▶ TASK OBJECTIVE:
Please give back each line of the listing, unchanged in every word.

▶ DATASET:
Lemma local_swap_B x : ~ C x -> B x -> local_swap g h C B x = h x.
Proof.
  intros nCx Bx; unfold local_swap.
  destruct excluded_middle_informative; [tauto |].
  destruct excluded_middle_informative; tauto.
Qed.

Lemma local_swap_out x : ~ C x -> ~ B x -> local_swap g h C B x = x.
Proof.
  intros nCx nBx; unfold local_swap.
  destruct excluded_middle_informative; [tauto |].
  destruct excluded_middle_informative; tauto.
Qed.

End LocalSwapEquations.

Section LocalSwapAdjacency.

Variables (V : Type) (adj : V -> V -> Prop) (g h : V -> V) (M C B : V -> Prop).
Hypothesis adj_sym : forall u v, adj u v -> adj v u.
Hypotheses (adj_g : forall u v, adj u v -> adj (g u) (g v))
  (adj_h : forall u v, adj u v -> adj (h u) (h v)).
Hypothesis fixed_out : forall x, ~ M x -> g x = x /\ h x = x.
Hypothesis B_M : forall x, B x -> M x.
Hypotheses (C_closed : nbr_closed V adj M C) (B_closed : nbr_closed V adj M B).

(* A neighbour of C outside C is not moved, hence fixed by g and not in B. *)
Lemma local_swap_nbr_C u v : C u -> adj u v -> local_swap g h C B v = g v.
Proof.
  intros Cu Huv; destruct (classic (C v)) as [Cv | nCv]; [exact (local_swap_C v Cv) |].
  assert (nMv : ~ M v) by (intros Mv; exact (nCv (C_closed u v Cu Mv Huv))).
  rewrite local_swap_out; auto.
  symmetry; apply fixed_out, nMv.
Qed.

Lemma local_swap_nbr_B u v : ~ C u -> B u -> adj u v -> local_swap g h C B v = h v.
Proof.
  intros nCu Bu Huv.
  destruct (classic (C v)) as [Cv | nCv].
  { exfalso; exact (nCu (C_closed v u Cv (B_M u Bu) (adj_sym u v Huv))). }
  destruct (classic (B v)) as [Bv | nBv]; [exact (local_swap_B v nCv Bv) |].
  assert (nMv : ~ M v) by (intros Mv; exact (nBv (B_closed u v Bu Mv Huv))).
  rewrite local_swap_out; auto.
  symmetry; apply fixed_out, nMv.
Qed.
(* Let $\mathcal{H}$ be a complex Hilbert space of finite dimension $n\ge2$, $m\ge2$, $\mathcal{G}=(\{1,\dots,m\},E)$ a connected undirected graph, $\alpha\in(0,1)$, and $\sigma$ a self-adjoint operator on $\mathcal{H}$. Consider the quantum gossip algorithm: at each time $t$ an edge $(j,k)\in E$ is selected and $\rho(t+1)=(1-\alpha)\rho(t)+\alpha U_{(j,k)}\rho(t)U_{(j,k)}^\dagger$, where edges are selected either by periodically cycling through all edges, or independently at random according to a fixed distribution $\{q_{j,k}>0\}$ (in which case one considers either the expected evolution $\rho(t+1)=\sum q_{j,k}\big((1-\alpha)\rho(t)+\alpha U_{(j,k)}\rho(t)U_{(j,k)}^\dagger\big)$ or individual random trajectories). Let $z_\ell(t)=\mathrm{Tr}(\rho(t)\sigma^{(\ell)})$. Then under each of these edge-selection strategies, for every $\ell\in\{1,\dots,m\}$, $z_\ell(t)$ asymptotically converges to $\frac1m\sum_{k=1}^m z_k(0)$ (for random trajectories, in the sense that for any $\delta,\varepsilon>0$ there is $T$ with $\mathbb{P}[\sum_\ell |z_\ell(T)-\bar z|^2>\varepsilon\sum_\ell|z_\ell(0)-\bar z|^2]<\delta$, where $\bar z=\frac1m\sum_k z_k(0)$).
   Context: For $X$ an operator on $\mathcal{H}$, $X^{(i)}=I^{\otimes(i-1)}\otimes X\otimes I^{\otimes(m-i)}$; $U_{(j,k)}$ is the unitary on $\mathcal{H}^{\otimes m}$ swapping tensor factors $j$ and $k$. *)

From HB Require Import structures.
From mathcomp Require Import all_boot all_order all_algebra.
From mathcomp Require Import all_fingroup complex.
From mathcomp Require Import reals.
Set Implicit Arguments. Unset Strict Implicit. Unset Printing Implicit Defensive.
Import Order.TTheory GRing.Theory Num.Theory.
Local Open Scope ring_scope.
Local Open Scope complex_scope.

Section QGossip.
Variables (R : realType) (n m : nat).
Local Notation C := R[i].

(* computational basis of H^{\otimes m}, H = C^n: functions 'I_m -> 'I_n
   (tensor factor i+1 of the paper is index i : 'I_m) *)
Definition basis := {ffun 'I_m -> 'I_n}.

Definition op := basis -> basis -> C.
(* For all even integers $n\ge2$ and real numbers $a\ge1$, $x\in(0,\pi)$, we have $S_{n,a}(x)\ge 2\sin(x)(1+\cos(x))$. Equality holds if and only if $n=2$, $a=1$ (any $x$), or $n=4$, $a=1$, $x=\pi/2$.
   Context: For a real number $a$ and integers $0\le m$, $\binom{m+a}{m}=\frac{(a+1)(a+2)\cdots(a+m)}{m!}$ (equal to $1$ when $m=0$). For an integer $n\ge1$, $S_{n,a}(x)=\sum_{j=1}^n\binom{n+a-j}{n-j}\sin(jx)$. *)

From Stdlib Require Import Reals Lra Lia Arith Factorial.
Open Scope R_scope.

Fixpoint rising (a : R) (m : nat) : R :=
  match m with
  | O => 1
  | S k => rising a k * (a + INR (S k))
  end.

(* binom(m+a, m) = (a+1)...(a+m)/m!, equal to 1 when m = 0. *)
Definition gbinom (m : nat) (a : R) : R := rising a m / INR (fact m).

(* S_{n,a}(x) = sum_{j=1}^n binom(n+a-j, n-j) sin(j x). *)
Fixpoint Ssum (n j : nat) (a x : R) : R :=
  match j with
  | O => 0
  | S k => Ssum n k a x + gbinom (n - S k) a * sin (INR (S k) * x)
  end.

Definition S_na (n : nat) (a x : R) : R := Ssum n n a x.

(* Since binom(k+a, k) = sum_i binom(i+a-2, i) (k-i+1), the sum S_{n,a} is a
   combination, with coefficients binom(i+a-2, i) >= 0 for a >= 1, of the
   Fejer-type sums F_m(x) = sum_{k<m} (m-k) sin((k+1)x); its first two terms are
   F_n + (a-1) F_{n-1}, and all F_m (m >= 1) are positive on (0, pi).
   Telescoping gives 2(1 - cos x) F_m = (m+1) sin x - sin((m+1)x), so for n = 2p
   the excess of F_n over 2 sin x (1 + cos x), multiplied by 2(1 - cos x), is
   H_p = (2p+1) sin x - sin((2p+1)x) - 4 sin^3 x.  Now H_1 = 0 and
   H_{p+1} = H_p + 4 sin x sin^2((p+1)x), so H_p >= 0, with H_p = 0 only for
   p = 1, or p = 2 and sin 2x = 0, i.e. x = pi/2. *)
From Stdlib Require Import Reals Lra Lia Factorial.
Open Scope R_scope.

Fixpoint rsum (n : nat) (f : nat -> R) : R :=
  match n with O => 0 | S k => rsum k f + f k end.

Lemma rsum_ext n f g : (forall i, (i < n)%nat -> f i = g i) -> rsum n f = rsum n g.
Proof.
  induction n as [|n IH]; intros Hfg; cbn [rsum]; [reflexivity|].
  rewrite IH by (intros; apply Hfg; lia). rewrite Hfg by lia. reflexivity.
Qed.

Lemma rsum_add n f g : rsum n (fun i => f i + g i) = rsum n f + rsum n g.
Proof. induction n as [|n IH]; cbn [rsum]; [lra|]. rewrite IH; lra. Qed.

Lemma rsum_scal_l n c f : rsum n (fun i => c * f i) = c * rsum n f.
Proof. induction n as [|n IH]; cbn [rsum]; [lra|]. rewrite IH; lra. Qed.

▶ TASK OUTPUT:
Lemma local_swap_B x : ~ C x -> B x -> local_swap g h C B x = h x.
Proof.
  intros nCx Bx; unfold local_swap.
  destruct excluded_middle_informative; [tauto |].
  destruct excluded_middle_informative; tauto.
Qed.

Lemma local_swap_out x : ~ C x -> ~ B x -> local_swap g h C B x = x.
Proof.
  intros nCx nBx; unfold local_swap.
  destruct excluded_middle_informative; [tauto |].
  destruct excluded_middle_informative; tauto.
Qed.

End LocalSwapEquations.

Section LocalSwapAdjacency.

Variables (V : Type) (adj : V -> V -> Prop) (g h : V -> V) (M C B : V -> Prop).
Hypothesis adj_sym : forall u v, adj u v -> adj v u.
Hypotheses (adj_g : forall u v, adj u v -> adj (g u) (g v))
  (adj_h : forall u v, adj u v -> adj (h u) (h v)).
Hypothesis fixed_out : forall x, ~ M x -> g x = x /\ h x = x.
Hypothesis B_M : forall x, B x -> M x.
Hypotheses (C_closed : nbr_closed V adj M C) (B_closed : nbr_closed V adj M B).

(* A neighbour of C outside C is not moved, hence fixed by g and not in B. *)
Lemma local_swap_nbr_C u v : C u -> adj u v -> local_swap g h C B v = g v.
Proof.
  intros Cu Huv; destruct (classic (C v)) as [Cv | nCv]; [exact (local_swap_C v Cv) |].
  assert (nMv : ~ M v) by (intros Mv; exact (nCv (C_closed u v Cu Mv Huv))).
  rewrite local_swap_out; auto.
  symmetry; apply fixed_out, nMv.
Qed.

Lemma local_swap_nbr_B u v : ~ C u -> B u -> adj u v -> local_swap g h C B v = h v.
Proof.
  intros nCu Bu Huv.
  destruct (classic (C v)) as [Cv | nCv].
  { exfalso; exact (nCu (C_closed v u Cv (B_M u Bu) (adj_sym u v Huv))). }
  destruct (classic (B v)) as [Bv | nBv]; [exact (local_swap_B v nCv Bv) |].
  assert (nMv : ~ M v) by (intros Mv; exact (nBv (B_closed u v Bu Mv Huv))).
  rewrite local_swap_out; auto.
  symmetry; apply fixed_out, nMv.
Qed.
(* Let $\mathcal{H}$ be a complex Hilbert space of finite dimension $n\ge2$, $m\ge2$, $\mathcal{G}=(\{1,\dots,m\},E)$ a connected undirected graph, $\alpha\in(0,1)$, and $\sigma$ a self-adjoint operator on $\mathcal{H}$. Consider the quantum gossip algorithm: at each time $t$ an edge $(j,k)\in E$ is selected and $\rho(t+1)=(1-\alpha)\rho(t)+\alpha U_{(j,k)}\rho(t)U_{(j,k)}^\dagger$, where edges are selected either by periodically cycling through all edges, or independently at random according to a fixed distribution $\{q_{j,k}>0\}$ (in which case one considers either the expected evolution $\rho(t+1)=\sum q_{j,k}\big((1-\alpha)\rho(t)+\alpha U_{(j,k)}\rho(t)U_{(j,k)}^\dagger\big)$ or individual random trajectories). Let $z_\ell(t)=\mathrm{Tr}(\rho(t)\sigma^{(\ell)})$. Then under each of these edge-selection strategies, for every $\ell\in\{1,\dots,m\}$, $z_\ell(t)$ asymptotically converges to $\frac1m\sum_{k=1}^m z_k(0)$ (for random trajectories, in the sense that for any $\delta,\varepsilon>0$ there is $T$ with $\mathbb{P}[\sum_\ell |z_\ell(T)-\bar z|^2>\varepsilon\sum_\ell|z_\ell(0)-\bar z|^2]<\delta$, where $\bar z=\frac1m\sum_k z_k(0)$).
   Context: For $X$ an operator on $\mathcal{H}$, $X^{(i)}=I^{\otimes(i-1)}\otimes X\otimes I^{\otimes(m-i)}$; $U_{(j,k)}$ is the unitary on $\mathcal{H}^{\otimes m}$ swapping tensor factors $j$ and $k$. *)

From HB Require Import structures.
From mathcomp Require Import all_boot all_order all_algebra.
From mathcomp Require Import all_fingroup complex.
From mathcomp Require Import reals.
Set Implicit Arguments. Unset Strict Implicit. Unset Printing Implicit Defensive.
Import Order.TTheory GRing.Theory Num.Theory.
Local Open Scope ring_scope.
Local Open Scope complex_scope.

Section QGossip.
Variables (R : realType) (n m : nat).
Local Notation C := R[i].

(* computational basis of H^{\otimes m}, H = C^n: functions 'I_m -> 'I_n
   (tensor factor i+1 of the paper is index i : 'I_m) *)
Definition basis := {ffun 'I_m -> 'I_n}.

Definition op := basis -> basis -> C.
(* For all even integers $n\ge2$ and real numbers $a\ge1$, $x\in(0,\pi)$, we have $S_{n,a}(x)\ge 2\sin(x)(1+\cos(x))$. Equality holds if and only if $n=2$, $a=1$ (any $x$), or $n=4$, $a=1$, $x=\pi/2$.
   Context: For a real number $a$ and integers $0\le m$, $\binom{m+a}{m}=\frac{(a+1)(a+2)\cdots(a+m)}{m!}$ (equal to $1$ when $m=0$). For an integer $n\ge1$, $S_{n,a}(x)=\sum_{j=1}^n\binom{n+a-j}{n-j}\sin(jx)$. *)

From Stdlib Require Import Reals Lra Lia Arith Factorial.
Open Scope R_scope.

Fixpoint rising (a : R) (m : nat) : R :=
  match m with
  | O => 1
  | S k => rising a k * (a + INR (S k))
  end.

(* binom(m+a, m) = (a+1)...(a+m)/m!, equal to 1 when m = 0. *)
Definition gbinom (m : nat) (a : R) : R := rising a m / INR (fact m).

(* S_{n,a}(x) = sum_{j=1}^n binom(n+a-j, n-j) sin(j x). *)
Fixpoint Ssum (n j : nat) (a x : R) : R :=
  match j with
  | O => 0
  | S k => Ssum n k a x + gbinom (n - S k) a * sin (INR (S k) * x)
  end.

Definition S_na (n : nat) (a x : R) : R := Ssum n n a x.

(* Since binom(k+a, k) = sum_i binom(i+a-2, i) (k-i+1), the sum S_{n,a} is a
   combination, with coefficients binom(i+a-2, i) >= 0 for a >= 1, of the
   Fejer-type sums F_m(x) = sum_{k<m} (m-k) sin((k+1)x); its first two terms are
   F_n + (a-1) F_{n-1}, and all F_m (m >= 1) are positive on (0, pi).
   Telescoping gives 2(1 - cos x) F_m = (m+1) sin x - sin((m+1)x), so for n = 2p
   the excess of F_n over 2 sin x (1 + cos x), multiplied by 2(1 - cos x), is
   H_p = (2p+1) sin x - sin((2p+1)x) - 4 sin^3 x.  Now H_1 = 0 and
   H_{p+1} = H_p + 4 sin x sin^2((p+1)x), so H_p >= 0, with H_p = 0 only for
   p = 1, or p = 2 and sin 2x = 0, i.e. x = pi/2. *)
From Stdlib Require Import Reals Lra Lia Factorial.
Open Scope R_scope.

Fixpoint rsum (n : nat) (f : nat -> R) : R :=
  match n with O => 0 | S k => rsum k f + f k end.

Lemma rsum_ext n f g : (forall i, (i < n)%nat -> f i = g i) -> rsum n f = rsum n g.
Proof.
  induction n as [|n IH]; intros Hfg; cbn [rsum]; [reflexivity|].
  rewrite IH by (intros; apply Hfg; lia). rewrite Hfg by lia. reflexivity.
Qed.

Lemma rsum_add n f g : rsum n (fun i => f i + g i) = rsum n f + rsum n g.
Proof. induction n as [|n IH]; cbn [rsum]; [lra|]. rewrite IH; lra. Qed.

Lemma rsum_scal_l n c f : rsum n (fun i => c * f i) = c * rsum n f.
Proof. induction n as [|n IH]; cbn [rsum]; [lra|]. rewrite IH; lra. Qed.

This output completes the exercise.